Question

2x+y=5; 3x-y=5, Solve the set of simultaneous equations.

Answer 1

2x + y = 5 -------(1)

3x - y = 5 -------(2)

On adding equation 1 and 2, we get

5x = 10

=> x = 2

Now,

On substituting the value of x in equation 1, we get

2(2) + y = 5

=> y = 5 - 4

=> y = 1

Answer 2

Answer:

On solving equations simultaneously we get , value of $x = 2$ and $y = 1$ .

Step-by-step explanation:

To solve : simultaneous equations.

Given equations : $2x+y=5$ -----------(i)

                              $3x-y=5$ ----------(ii)

Solution :

• To solve given equations simultaneously  we multiply equation (i) by $3$ and equation (ii) by $2$ to equalize coefficients of $x$ .
• On multiplying  ( $2x+y=5$  ) by $3$ we get ,

         $6x + 3y = 15$    ---------------------(iv)

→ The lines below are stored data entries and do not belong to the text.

(* Let $\alpha=a_1a_2\cdots a_n\neq 0^n$ be a bracelet over $\{0,\dots,k-1\}$, and let $i$ be the index of the first nonzero symbol of $\alpha$. If $a_i>1$, then $\mathrm{FirstNonMin}(\alpha)=0^{i-1}(a_i-1)a_{i+1}\cdots a_n$ is a bracelet; moreover, if in addition $\alpha\in\mathbf{A}_k(n)$, then $\mathrm{FirstNonMin}(\alpha)\in\mathbf{A}_k(n)$.
   Context: Let $\Sigma=\{0,1,\dots,k-1\}$, $k\ge 2$. Strings are compared lexicographically ($\alpha<\beta$ if $\alpha$ is a proper prefix of $\beta$, or $\alpha$ has the smaller symbol at the first index where they differ). For $\alpha=a_1\cdots a_n$, $\alpha^R=a_n\cdots a_1$. $[\alpha]$ denotes the set of all rotations of $\alpha$. $\alpha$ is a necklace if it is the lexicographically smallest element of $[\alpha]$; $\alpha$ is a bracelet if it is the lexicographically smallest element of $[\alpha]\cup[\alpha^R]$. A necklace $\alpha$ is symmetric if $\alpha^R\in[\alpha]$ and asymmetric otherwise. $\mathbf{A}_k(n)$ is the set of asymmetric bracelets of length $n$ over $\Sigma$. *)

From mathcomp Require Import all_boot.
Set Implicit Arguments. Unset Strict Implicit. Unset Printing Implicit Defensive.

(* Strings over Sigma = {0,...,k-1} are represented as sequences of naturals
   whose entries are all < k. Positions are 0-based in Rocq. *)

Fixpoint lexle (a b : seq nat) : bool :=
  match a, b with
  | [::], _ => true
  | _ :: _, [::] => false
  | x :: a', y :: b' => (x < y) || ((x == y) && lexle a' b')
  end.

Definition is_string (k : nat) (a : seq nat) : bool := all (fun x => x < k) a.

Definition rotations (a : seq nat) : seq (seq nat) :=
  [seq rot j a | j <- iota 0 (size a)].

Definition necklace (a : seq nat) : bool :=
  all (fun b => lexle a b) (rotations a).

Definition bracelet (a : seq nat) : bool :=
  all (fun b => lexle a b) (rotations a ++ rotations (rev a)).

Definition symmetric_necklace (a : seq nat) : bool :=
  necklace a && (rev a \in rotations a).

(* membership in A_k(n): asymmetric bracelets of length n over {0..k-1} *)
Definition asym_bracelet (k n : nat) (a : seq nat) : bool :=
  [&& size a == n, is_string k a, bracelet a & rev a \notin rotations a].

(* 0-based index of the first nonzero symbol *)
Definition first_nonzero (a : seq nat) : nat := find (fun x => x != 0) a.

Definition FirstNonMin (a : seq nat) : seq nat :=
  let i := first_nonzero a in
  nseq i 0 ++ (nth 0 a i).-1 :: drop i.+1 a.

From mathcomp Require Import all_boot.
From mathcomp Require Import zify.

(* Write the string as s = 0^i c t with c > 1 and let s' = 0^i (c-1) t.  Every
   rotation of s or of its reversal carries the distinguished symbol c to some
   position, so it reads u c w, and the same rotation of s' (resp. of its
   reversal) reads u (c-1) w.  Comparing 0^i c t with u c w, the first
   difference either does not involve the distinguished symbol, or compares the
   leading zeros against c, or compares c against a symbol at least c; in each
   case lowering c by one preserves the comparison, so s' is a bracelet.
   If the reversal of s' were a rotation of s', the two copies of c-1 are
   either at matching places (then the reversal of s is a rotation of s), or
   c-1 lands inside the zero block (impossible since c > 1), or the reversal
   of a rotation of s starts with 0^i (c-1) and is smaller than s. *)

Section MarkedSequences.

Context {T : Type}.

Lemma rot_cat_cons (m : nat) (u w : seq T) :
  exists u' w', forall x, rot m (u ++ x :: w) = u' ++ x :: w'.
Proof.
case: (ltngtP m (size u)) => [lt_m_u|lt_u_m|->].
- exists (drop m u), (w ++ take m u) => x.
  by rewrite /rot drop_cat take_cat lt_m_u -catA.
- have [d md] : exists d, m - size u = d.+1 by exists (m - size u).-1; lia.
  exists (drop d w ++ u), (take d w) => x.
  by rewrite /rot drop_cat take_cat ltnNge (ltnW lt_u_m) /= md -catA.
- exists [::], (w ++ u) => x.
  by rewrite /rot drop_cat take_cat ltnn subnn drop0 take0 cats0.
Qed.

Lemma rev_cat_cons (u w : seq T) x : rev (u ++ x :: w) = rev w ++ x :: rev u.
Proof. by rewrite rev_cat rev_cons cat_rcons. Qed.

Lemma eq_cat_cons_cases (u1 u2 : seq T) x y w1 w2 :
  u1 ++ x :: w1 = u2 ++ y :: w2 ->
  [\/ [/\ u1 = u2, x = y & w1 = w2],
      exists v, u2 = u1 ++ x :: v /\ w1 = v ++ y :: w2
    | exists v, u1 = u2 ++ y :: v /\ w2 = v ++ x :: w1].
Proof.
elim: u1 u2 => [|z u1 IH] [|z' u2] /=.
- by case=> -> ->; apply: Or31.
- by case=> -> ->; apply: Or32; exists u2.
- by case=> -> <-; apply: Or33; exists u1.
- case=> -> /IH [[-> -> ->]|[v [-> ->]]|[v [-> ->]]].
  + exact: Or31.
  + by apply: Or32; exists v.
  + by apply: Or33; exists v.
Qed.

End MarkedSequences.

Lemma mem_rotations (s : seq nat) j : 0 < size s -> rot j s \in rotations s.
Proof.
move=> s_gt0; have [lt_j_s|le_s_j] := ltnP j (size s).
  by apply/mapP; exists j; rewrite ?mem_iota.
by rewrite rot_oversize //; apply/mapP; exists 0; rewrite ?mem_iota ?rot0.
Qed.

Lemma lexle_cat_ltF (p s t : seq nat) x y :
  y < x -> lexle (p ++ x :: s) (p ++ y :: t) = false.
Proof.
move=> lt_yx; elim: p => [|z p IH] /=; last by rewrite ltnn eqxx.
by rewrite ltnNge (ltnW lt_yx) /= eq_sym (ltn_eqF lt_yx).
Qed.

Lemma lexle_zero_prefix_pred i c t u w : 1 < c ->
  lexle (nseq i 0 ++ c :: t) (u ++ c :: w) ->
  lexle (nseq i 0 ++ c.-1 :: t) (u ++ c.-1 :: w).
Proof.
move=> c_gt1; elim: i u => [|i IH] [|y u] /=.
- by rewrite !ltnn !eqxx.
- case/orP => [lt_cy|/andP [/eqP <- _]]; apply/orP; left; lia.
- by move=> _; apply/orP; left; lia.
- by case/orP => [->|/andP [/eqP <- /IH ->]]; rewrite ?orbT.
Qed.

Lemma is_string_pred k (p t : seq nat) c :
  is_string k (p ++ c :: t) -> is_string k (p ++ c.-1 :: t).
Proof.
rewrite /is_string !all_cat /= => /and3P [-> lt_ck ->].
by rewrite (leq_ltn_trans (leq_pred c) lt_ck).
Qed.

Lemma nseq_first_nonzero (a : seq nat) : a != nseq (size a) 0 ->
  a = nseq (first_nonzero a) 0 ++
      nth 0 a (first_nonzero a) :: drop (first_nonzero a).+1 a.
Proof.
rewrite /first_nonzero; elim: a => [|x a IH] //=.
have [->|_] := eqVneq x 0; last by rewrite drop0.
by rewrite eqseq_cons eqxx /= => /IH {1}->.
Qed.

Section DecreaseFirstNonzero.

Variables (i c : nat) (t : seq nat).
Hypothesis c_gt1 : 1 < c.

Lemma bracelet_zero_prefix_pred :
  bracelet (nseq i 0 ++ c :: t) -> bracelet (nseq i 0 ++ c.-1 :: t).
Proof.
move=> /allP s_min; apply/allP => r; rewrite mem_cat.
case/orP => /mapP [m _ ->].
- have [u [w rotE]] := rot_cat_cons m (nseq i 0) t.
  rewrite rotE; apply: lexle_zero_prefix_pred => //; rewrite -rotE.
  by apply: s_min; rewrite mem_cat mem_rotations // size_cat addnS.
- rewrite !rev_cat_cons.
  have [u [w rotE]] := rot_cat_cons m (rev t) (rev (nseq i 0)).
  rewrite rotE; apply: lexle_zero_prefix_pred => //; rewrite -rotE.
  apply: s_min; rewrite mem_cat rev_cat_cons mem_rotations ?orbT //.
  by rewrite size_cat addnS.
Qed.

Lemma asym_zero_prefix_pred :
  bracelet (nseq i 0 ++ c :: t) ->
  rev (nseq i 0 ++ c :: t) \notin rotations (nseq i 0 ++ c :: t) ->
  rev (nseq i 0 ++ c.-1 :: t) \notin rotations (nseq i 0 ++ c.-1 :: t).
Proof.
move=> /allP s_min s_asym; apply/negP => /mapP [m m_lt].
rewrite rev_cat_cons rev_nseq.
have [u [w rotE]] := rot_cat_cons m (nseq i 0) t.
rewrite rotE => /(@eq_cat_cons_cases nat) [[tE _ wE]|[v [_ zerosE]]|[v [_ wE]]].
- move/negP: s_asym; apply; apply/mapP; exists m.
    by move: m_lt; rewrite !mem_iota !size_cat.
  by rewrite rotE rev_cat_cons rev_nseq tE wE.
- have : c.-1 \in nseq i 0 by rewrite zerosE mem_cat mem_head orbT.
  by rewrite mem_nseq => /andP [_ /eqP]; lia.
- have rev_rot_mem :
      rev (rot m (nseq i 0 ++ c :: t)) \in rotations (rev (nseq i 0 ++ c :: t)).
    by rewrite rev_rot /rotr mem_rotations // size_rev size_cat addnS.
  have := s_min (rev (rot m (nseq i 0 ++ c :: t))).
  rewrite mem_cat rev_rot_mem orbT => /(_ isT).
  rewrite rotE wE !rev_cat_cons rev_nseq -catA /=.
  by rewrite lexle_cat_ltF // ltn_predL ltnW.
Qed.

End DecreaseFirstNonzero.

Theorem mainTheorem3 (k n : nat) (a : seq nat) :
  2 <= k -> size a = n -> is_string k a -> a != nseq n 0 -> bracelet a ->
  1 < nth 0 a (first_nonzero a) ->
  bracelet (FirstNonMin a) /\
  (asym_bracelet k n a -> asym_bracelet k n (FirstNonMin a)).
Proof.
move=> _ <- a_string a_neq0 a_brace.
rewrite /FirstNonMin; have := nseq_first_nonzero a a_neq0.
set i := first_nonzero a; set c := nth 0 a i; set t := drop i.+1 a.
clearbody i c t => aE; subst a => c_gt1.
have brace' : bracelet (nseq i 0 ++ c.-1 :: t).
  exact: bracelet_zero_prefix_pred.
split=> // /and4P [_ _ _ a_asym]; apply/and4P; split=> //.
- by rewrite !size_cat.
- exact: is_string_pred.
- exact: asym_zero_prefix_pred.
Qed.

• On multiplying  (  $3x-y=5$  ) by $2$ we get ,

         $6x -2y = 10$   ---------------------(v)

• Now , subtracting (v) from (iv) we get ,
• ( $6x + 3y = 15$ ) - ( $6x -2y = 10$ )
• On subtracting LHS of both equations we get , $5y$
• On subtracting RHS of both equations we get , 5
• Resultant equation becomes , $5y = 5$
• We get ,value of  $y = \frac{5}{5}$

                                    $y =1$

• Now , substituting value of $y$ in (i) ,
• $2x+y=5$

        $2x + (1) = 5\\\\2x = 4 \\\\x = 2$